= ASSIGNMENT =
Please transcribe exactly, and only, the lines of the data below between the line holding "have Dn_lt_Cn k : D ^+ n k < C ^+ n k." and the line holding "End TanhBound.", inclusive.

= Collected data =
Lemma Gelt_Ghom c j : Ipow j c -> Gelt I (Ghom c j).
Proof.
move=> hc; split=> [m|]; last by exists j.+1 => m; rewrite /Ghom; case: eqP => // ->; rewrite ltnn.
by apply/idealX_Ipow; rewrite /Ghom; case: eqP => [->|_] //; exact: Ipow0.
Qed.

Hypothesis G_reg : G_regular_seq I x s.-1.

(* In G(I) this reads x_t^* c^* = - sum_(i < t) x_i^* d_i^*, so by regularity
   c^* lies in (x_i^* : i < t). *)
Lemma initial_form_regular (t : 'I_s) j c (d : 'I_s -> R) : (t < s.-1)%N ->
  Ipow j c -> (forall i, Ipow j (d i)) ->
  Ipow j.+2 (x t * c + \sum_(i < s | (i < t)%N) x i * d i) ->
  exists f : 'I_s -> R, Ipow j.+1 (c - \sum_(i < s | (i < t)%N) x i * f i).
Proof.
move=> ht hc hd hsum.
have hGin : G_in_ideal I x t (Gmul (initial_form (x t)) (Ghom c j)).
  exists (fun i => Ghom (- d i) j); split; first by move=> i; apply/Gelt_Ghom/IpowN.
  move=> [|m]; apply/idealX_Ipow; rewrite Gmul_initial_formE;
    under eq_bigr do rewrite Gmul_initial_formE.
    by rewrite sub0r big1 ?oppr0 //; exact: Ipow0.
  rewrite /Ghom; case: eqP => [->|_]; last first.
    by rewrite mulr0 big1 ?subr0; [exact: Ipow0 | move=> i _; rewrite mulr0].
  by under eq_bigr do rewrite mulrN; rewrite sumrN opprK.
have [e [_ he]] := G_reg.1 t ht _ (Gelt_Ghom hc) hGin.
exists (fun i => if j is j'.+1 then e i j' else 0).
move/idealX_Ipow: (he j); rewrite /Ghom eqxx; congr (Ipow _ (_ - _)).
by apply: eq_bigr => i _; rewrite Gmul_initial_formE; case: (j) => [|j']; rewrite ?mulr0.
Qed.
Lemma sum_path_weight a v p (G : cfg -> R) : uniq [:: a, v & p] ->
  (forall w, w \in internal a (v :: p) -> forall x, G (flip w x) = G x) ->
  \sum_x G x * path_weight a (v :: p) x =
  \sum_x G x * (C ^+ (size p).+1 + D ^+ (size p).+1 * (sp (x a) * sp (x (last v p)))).
Proof.
elim: p a v G => [|w p IH] a v G avp Ginv.
  by apply: eq_bigr => x _; rewrite /path_weight /= big_cons big_nil mulr1 !expr1.
have [va a_notin v_notin] : [/\ v != a, a \notin w :: p & v \notin w :: p].
  case/andP: avp => /norP [av ->] /andP [-> _]; by rewrite eq_sym.
pose G' x := G x * (C + D * (sp (x a) * sp (x v))).
have G'inv w' : w' \in internal v (w :: p) -> forall x, G' (flip w' x) = G' x.
  move=> w'p x; have w'wp : w' \in w :: p := internal_sub w'p.
  have aw' : a != w' by apply: contraNneq a_notin => ->.
  have vw' : v != w' by apply: contraNneq v_notin => ->.
  by rewrite /G' Ginv ?spin_flip_neq //= in_cons w'p orbT.
transitivity (\sum_x G' x * path_weight v (w :: p) x).
  by apply: eq_bigr => x _; rewrite path_weight_cons /G' mulrA.
rewrite IH //; last by case/andP: avp.
have v_neq_last : v != last w p.
  by apply: contraNneq v_notin => ->; apply: mem_last.
transitivity (\sum_x G x * ((C + D * (sp (x a) * sp (x v))) *
       (C ^+ (size p).+1 + D ^+ (size p).+1 * (sp (x v) * sp (x (last w p)))))).
  by apply: eq_bigr => x _; rewrite /G' -mulrA.
by rewrite sum_out_vertex // => x; apply: Ginv; rewrite /= mem_head.
Qed.

End Decimation.

Section DisjointPaths.
Variables (V : finType) (a b : V) (d : nat) (P : 'I_d -> seq V).
Hypothesis P_uniq : forall k, uniq (a :: P k).
Hypothesis P_last : forall k, last a (P k) = b.

Lemma path_neq_nil : a != b -> forall k, P k != [::].
Proof. by move=> ab k; apply: contraNneq ab => Pk; rewrite -(P_last k) Pk. Qed.

Lemma internal_neq_ends k w : w \in internal a (P k) -> w != a /\ w != b.
Proof.
move=> wk; split; first exact: internal_neq_head (P_uniq k) wk.
by rewrite -(P_last k); apply: internal_neq_last (P_uniq k) wk.
Qed.

Hypothesis P_disjoint : forall k j, k != j ->
  forall w, w \in internal a (P k) -> w \notin internal a (P j).

Lemma internal_notin_other k j w : k != j -> w \in internal a (P k) -> w \notin a :: P j.
Proof.
move=> kj wk; have [wa wb] := internal_neq_ends wk.
apply/negP => /mem_path_split [wa' | wb' | wj].
- by move/eqP: wa.
- by move: wb; rewrite wb' P_last eqxx.
- by move: (P_disjoint kj wk); rewrite wj.
Qed.

End DisjointPaths.

Section PathFamilyDecimation.
Variables (R : realType) (V : finType) (C D : R).
Variables (a b : V) (d : nat) (P : 'I_d -> seq V).
Hypothesis P_uniq : forall k, uniq (a :: P k).
Hypothesis P_last : forall k, last a (P k) = b.
Hypothesis P_neq_nil : forall k, P k != [::].
Hypothesis P_disjoint : forall k j, k != j ->
  forall w, w \in internal a (P k) -> w \notin internal a (P j).
Local Notation cfg := {ffun V -> bool}.
Local Notation sp := (spin R).

Definition path_factor (k : 'I_d) (x : cfg) : R :=
  C ^+ size (P k) + D ^+ size (P k) * (sp (x a) * sp (x b)).

Lemma sum_path_weights (r : seq 'I_d) (G : cfg -> R) : uniq r ->
  (forall k w, k \in r -> w \in internal a (P k) -> forall x, G (flip w x) = G x) ->
  \sum_x G x * \prod_(k <- r) path_weight C D a (P k) x =
  \sum_x G x * \prod_(k <- r) path_factor k x.
Proof.
elim: r G => [|k r IH] G; first by move=> _ _; apply: eq_bigr => x _; rewrite !big_nil.
case/andP=> kr r_uniq Ginv.
pose G' x := G x * path_weight C D a (P k) x.
transitivity (\sum_x G' x * \prod_(j <- r) path_weight C D a (P j) x).
  by apply: eq_bigr => x _; rewrite big_cons mulrA.
rewrite IH // => [|j w jr wj x]; last first.
  rewrite /G' (Ginv j w) ?in_cons ?jr ?orbT // path_weight_flip //.
  apply: (internal_notin_other P_uniq P_last P_disjoint _ wj).
  by apply: contraNneq kr => <-.
transitivity (\sum_x (G x * \prod_(j <- r) path_factor j x) * path_weight C D a (P k) x).
  by apply: eq_bigr => x _; rewrite /G'; ring.
case Pk: (P k) (P_uniq k) (P_last k) (P_neq_nil k) => [|v p] // vp_uniq vp_last _.
rewrite sum_path_weight // => [|w wk x].
  apply: eq_bigr => x _; rewrite big_cons /path_factor Pk /=.
  by move: vp_last => /= ->; ring.
rewrite (Ginv k w) ?mem_head ?Pk //; congr (_ * _); apply: eq_bigr => j _.
have [wa wb] : w != a /\ w != b.
  by apply: (internal_neq_ends (k := k) P_uniq P_last); rewrite Pk.
by rewrite /path_factor !spin_flip_neq 1?eq_sym.
Qed.

Lemma sum_spin_pair_path_weights (H : R -> R) : a != b ->
  \sum_(x : cfg) H (sp (x a) * sp (x b)) * \prod_k path_weight C D a (P k) x =
  \sum_(x : cfg) (H 1 * \prod_k (C ^+ size (P k) + D ^+ size (P k)) +
                  H (-1) * \prod_k (C ^+ size (P k) - D ^+ size (P k))) / 2.
Proof.
move=> ab; rewrite sum_path_weights ?index_enum_uniq // => [|k w _ wk x]; last first.
  by have [wa wb] := internal_neq_ends P_uniq P_last wk; rewrite !spin_flip_neq 1?eq_sym.
pose F s := H s * \prod_k (C ^+ size (P k) + D ^+ size (P k) * s).
rewrite (eq_bigr (fun x : cfg => F (sp (x a) * sp (x b)))) // sum_spin_pair //.
apply: eq_bigr => x _; congr ((_ + _) / 2); congr (_ * _); apply: eq_bigr => k _.
  by rewrite mulr1.
by rewrite mulrN1.
Qed.

End PathFamilyDecimation.

Section EdgeMultiplicity.
Local Open Scope nat_scope.
Variables (V : finType) (e : rel V) (a b : V) (d : nat) (P : 'I_d -> seq V).
Hypothesis e_simple : simple_graph e.
Hypothesis P_inj : injective P.
Hypothesis P_uniq : forall k, uniq (a :: P k).
Hypothesis P_last : forall k, last a (P k) = b.
Hypothesis P_path : forall k, path e a (P k).
Hypothesis P_disjoint : forall k j, k != j ->
  forall w, w \in internal a (P k) -> w \notin internal a (P j).

Definition edge_mult k i j : nat :=
  ((i, j) \in path_edges a (P k)) + ((j, i) \in path_edges a (P k)).

Lemma edge_mult_sym k i j : edge_mult k i j = edge_mult k j i.
Proof. by rewrite /edge_mult addnC. Qed.

Lemma edge_mult_le1 k i j : edge_mult k i j <= 1.
Proof.
rewrite /edge_mult; case ij: (_ \in _) => /=; last exact: leq_b1.
by rewrite (negbTE (path_edges_asym (P_uniq k) ij)).
Qed.

Lemma edge_mult_gt0 k i j : 0 < edge_mult k i j ->
  (i, j) \in path_edges a (P k) \/ (j, i) \in path_edges a (P k).
Proof. by rewrite /edge_mult; case: (_ \in _); case: (_ \in _); [left|left|right|]. Qed.

Lemma edge_mult_rel k i j : 0 < edge_mult k i j -> e i j.
Proof.
case/edge_mult_gt0 => [ij | ji]; first exact: path_edges_rel (P_path k) ij.
by case: e_simple => e_sym _; rewrite e_sym; apply: path_edges_rel (P_path k) ji.
Qed.

Lemma edge_mult_mem k i j : 0 < edge_mult k i j -> i \in a :: P k /\ j \in a :: P k.
Proof.
have mem q : q \in path_edges a (P k) -> q.1 \in a :: P k /\ q.2 \in a :: P k.
  by case/mem_path_edges => -> q2; rewrite in_cons q2 orbT.
by case/edge_mult_gt0 => /mem [].
Qed.

Lemma edge_mult_ends k : 0 < edge_mult k a b -> P k = [:: b].
Proof.
rewrite -(P_last k); case/edge_mult_gt0 => [| /mem_path_edges [_ /= ak]].
  by apply: path_edges_ends; apply: P_uniq.
by case/andP: (P_uniq k); rewrite ak.
Qed.

Lemma mem_two_paths k j w : k != j -> w \in a :: P k -> w \in a :: P j -> w = a \/ w = b.
Proof.
move=> kj /mem_path_split [-> | -> | wk] wj; [by left | by right; apply: P_last |].
by move: wj; rewrite (negbTE (internal_notin_other P_uniq P_last P_disjoint kj wk)).
Qed.

(* Two distinct paths share only their end points, and at most one of them is
   the single edge from [a] to [b]. *)
Lemma edge_mult_disjoint k j u v : k != j ->
  0 < edge_mult k u v -> 0 < edge_mult j u v -> False.
Proof.
move=> kj ku kv.
have [[uk vk] [uj vj]] := (edge_mult_mem ku, edge_mult_mem kv).
have uv : u != v.
  by apply: contraPneq (edge_mult_rel ku) => ->; case: e_simple => _ /(_ v)/negP.
have single l : 0 < edge_mult l u v -> P l = [:: b].
  move=> lu; apply: edge_mult_ends.
  have [ua | ub] := mem_two_paths kj uk uj; have [va | vb] := mem_two_paths kj vk vj.
  - by move: uv; rewrite ua va eqxx.
  - by rewrite -ua -vb.
  - by rewrite edge_mult_sym -ub -va.
  - by move: uv; rewrite ub vb eqxx.
by move/eqP: kj; apply; apply: P_inj; rewrite (single _ ku) (single _ kv).
Qed.

Lemma sum_edge_mult_le i j : \sum_(k < d) edge_mult k i j <= e i j.
Proof.
have [k k_gt0 | none] := pickP (fun k => 0 < edge_mult k i j).
  rewrite (edge_mult_rel k_gt0) (bigD1 k) //= big1 ?addn0 ?edge_mult_le1 // => j' j'k.
  by apply/eqP; rewrite -leqn0 leqNgt; apply/negP => /(edge_mult_disjoint j'k)/(_ k_gt0).
by rewrite big1 // => k _; apply/eqP; rewrite -leqn0 leqNgt none.
Qed.

End EdgeMultiplicity.

Section TanhBound.
Variable R : realFieldType.

Lemma one_sub_two_div_le (x y : R) : 0 <= x -> x <= y -> 1 - 2 / (1 + x) <= 1 - 2 / (1 + y).
Proof.
move=> x_ge0 xy; rewrite lerD2l lerN2 ler_wpM2l // lef_pV2 ?posrE; lra.
Qed.

Lemma ratio_le (s u : R) :
  0 <= s -> s <= u -> u < 1 -> (1 + s) / (1 - s) <= (1 + u) / (1 - u).
Proof.
move=> s_ge0 su u_lt1; rewrite ler_pdivrMr ?subr_gt0 ?(le_lt_trans su) //.
rewrite mulrAC ler_pdivlMr ?subr_gt0 // -subr_ge0.
by rewrite (_ : _ - _ = 2 * (u - s)); [rewrite mulr_ge0 ?subr_ge0 | ring].
Qed.

Lemma paths_ratio_bound (C D : R) (l d : nat) (n : 'I_d -> nat) :
  0 < D -> D < C -> (forall k, 0 < n k <= l)%N ->
  1 - 2 / (1 + (1 + (D / C) ^+ l) ^+ d / (1 - (D / C) ^+ l) ^+ d) <=
  (\prod_k (C ^+ n k + D ^+ n k) - \prod_k (C ^+ n k - D ^+ n k)) /
  (\prod_k (C ^+ n k + D ^+ n k) + \prod_k (C ^+ n k - D ^+ n k)).
Proof.
move=> D_gt0 DC n_bnd; have C_gt0 : 0 < C by lra.
set t := D / C; have [t_gt0 t_lt1] : 0 < t /\ t < 1.
  by rewrite divr_gt0 // ltr_pdivrMr // mul1r.
have Dn_lt_Cn k : D ^+ n k < C ^+ n k.
  by rewrite ltrXn2r ?ltW // -lt0n; case/andP: (n_bnd k).
set gp := \prod_k _; set gm := \prod_k _.
have gm_gt0 : 0 < gm by apply: prodr_gt0 => k _; rewrite subr_gt0.
have gp_gt0 : 0 < gp by apply: prodr_gt0 => k _; rewrite addr_gt0 ?exprn_gt0.
set r := (1 + t ^+ l) / (1 - t ^+ l).
have r_ge0 : 0 <= r by rewrite divr_ge0 // ?subr_ge0 ?addr_ge0 ?exprn_ge0 ?exprn_ile1 ?ltW.
have r_le k : r <= (C ^+ n k + D ^+ n k) / (C ^+ n k - D ^+ n k).
  have -> : (C ^+ n k + D ^+ n k) / (C ^+ n k - D ^+ n k) = (1 + t ^+ n k) / (1 - t ^+ n k).
    rewrite /t expr_div_n; field.
    by rewrite !lt0r_neq0 ?subr_gt0 ?exprn_gt0.
  case/andP: (n_bnd k) => nk_gt0 nk_le.
  apply: ratio_le; first exact/exprn_ge0/ltW.
    exact: ler_wiXn2l (ltW t_gt0) (ltW t_lt1) _ _ nk_le.
  by rewrite exprn_ilt1 ?ltW // -lt0n.
have rd_le : r ^+ d <= gp / gm.
  rewrite /gp /gm -prodf_div (_ : r ^+ d = \prod_(k < d) r); last first.
    by rewrite prodr_const card_ord.
  by apply: ler_prod => k _; rewrite r_ge0 r_le.
rewrite -expr_div_n -/r (_ : (gp - gm) / (gp + gm) = 1 - 2 / (1 + gp / gm)).
  by apply: one_sub_two_div_le; rewrite ?exprn_ge0.
by field; rewrite !lt0r_neq0 ?addr_gt0.
Qed.

End TanhBound.

Lemma sumr_const_div (R : numFieldType) (T : finType) (x0 : T) (c1 c2 : R) :
  (\sum_(x : T) c1) / (\sum_(x : T) c2) = c1 / c2.
Proof.
rewrite !sumr_const -[c1 *+ _]mulr_natr -[c2 *+ _]mulr_natr invfM mulrACA.
by rewrite divff ?mulr1 // pnatr_eq0 -lt0n; apply/card_gt0P; exists x0.
Qed.

Section IsingModel.
Variables (R : realType) (V : finType).
Local Notation cfg := {ffun V -> bool}.
Local Notation sp := (spin R).

Definition ising_coupling (e : rel V) (lam : R) (i j : V) : R :=
  if e i j then lam / 2 else 0.

Lemma ising_weight_gibbs e lam x :
  ising_weight e lam x = gibbs_weight (ising_coupling e lam) x.
Proof.
rewrite /ising_weight /gibbs_weight /ising_energy; congr expR.
rewrite mulr_sumr; apply: eq_bigr => i _; rewrite mulr_sumr big_mkcond /=.
by apply: eq_bigr => j _; rewrite /ising_coupling; case: (e i j); rewrite ?mul0r.
Qed.

Lemma ising_corr_gibbs e lam a b :
  ising_corr e lam a b = corr (gibbs_weight (ising_coupling e lam)) (monomial R [:: a; b]).
Proof.
rewrite /ising_corr /corr /wsum /ising_Z; congr (_ / _); apply: eq_bigr => x _.
  by rewrite monomial2 ising_weight_gibbs.
by rewrite mul1r ising_weight_gibbs.
Qed.

Lemma ising_Z_gt0 (e : rel V) (lam : R) : 0 < ising_Z e lam.
Proof.
rewrite /ising_Z /ising_weight (bigD1 [ffun => true]) //= ltr_wpDr ?expR_gt0 //.
by apply: sumr_ge0 => x _; apply/ltW/expR_gt0.
Qed.

Lemma ising_corr_self (e : rel V) (lam : R) a : ising_corr e lam a a = 1.
Proof.
rewrite /ising_corr (eq_bigr (ising_weight e lam)) ?divff ?lt0r_neq0 ?ising_Z_gt0 //.
by move=> x _; rewrite spin_sq mul1r.
Qed.

End IsingModel.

= RESULT OF THIS TASK =
have Dn_lt_Cn k : D ^+ n k < C ^+ n k.
  by rewrite ltrXn2r ?ltW // -lt0n; case/andP: (n_bnd k).
set gp := \prod_k _; set gm := \prod_k _.
have gm_gt0 : 0 < gm by apply: prodr_gt0 => k _; rewrite subr_gt0.
have gp_gt0 : 0 < gp by apply: prodr_gt0 => k _; rewrite addr_gt0 ?exprn_gt0.
set r := (1 + t ^+ l) / (1 - t ^+ l).
have r_ge0 : 0 <= r by rewrite divr_ge0 // ?subr_ge0 ?addr_ge0 ?exprn_ge0 ?exprn_ile1 ?ltW.
have r_le k : r <= (C ^+ n k + D ^+ n k) / (C ^+ n k - D ^+ n k).
  have -> : (C ^+ n k + D ^+ n k) / (C ^+ n k - D ^+ n k) = (1 + t ^+ n k) / (1 - t ^+ n k).
    rewrite /t expr_div_n; field.
    by rewrite !lt0r_neq0 ?subr_gt0 ?exprn_gt0.
  case/andP: (n_bnd k) => nk_gt0 nk_le.
  apply: ratio_le; first exact/exprn_ge0/ltW.
    exact: ler_wiXn2l (ltW t_gt0) (ltW t_lt1) _ _ nk_le.
  by rewrite exprn_ilt1 ?ltW // -lt0n.
have rd_le : r ^+ d <= gp / gm.
  rewrite /gp /gm -prodf_div (_ : r ^+ d = \prod_(k < d) r); last first.
    by rewrite prodr_const card_ord.
  by apply: ler_prod => k _; rewrite r_ge0 r_le.
rewrite -expr_div_n -/r (_ : (gp - gm) / (gp + gm) = 1 - 2 / (1 + gp / gm)).
  by apply: one_sub_two_div_le; rewrite ?exprn_ge0.
by field; rewrite !lt0r_neq0 ?addr_gt0.
Qed.

End TanhBound.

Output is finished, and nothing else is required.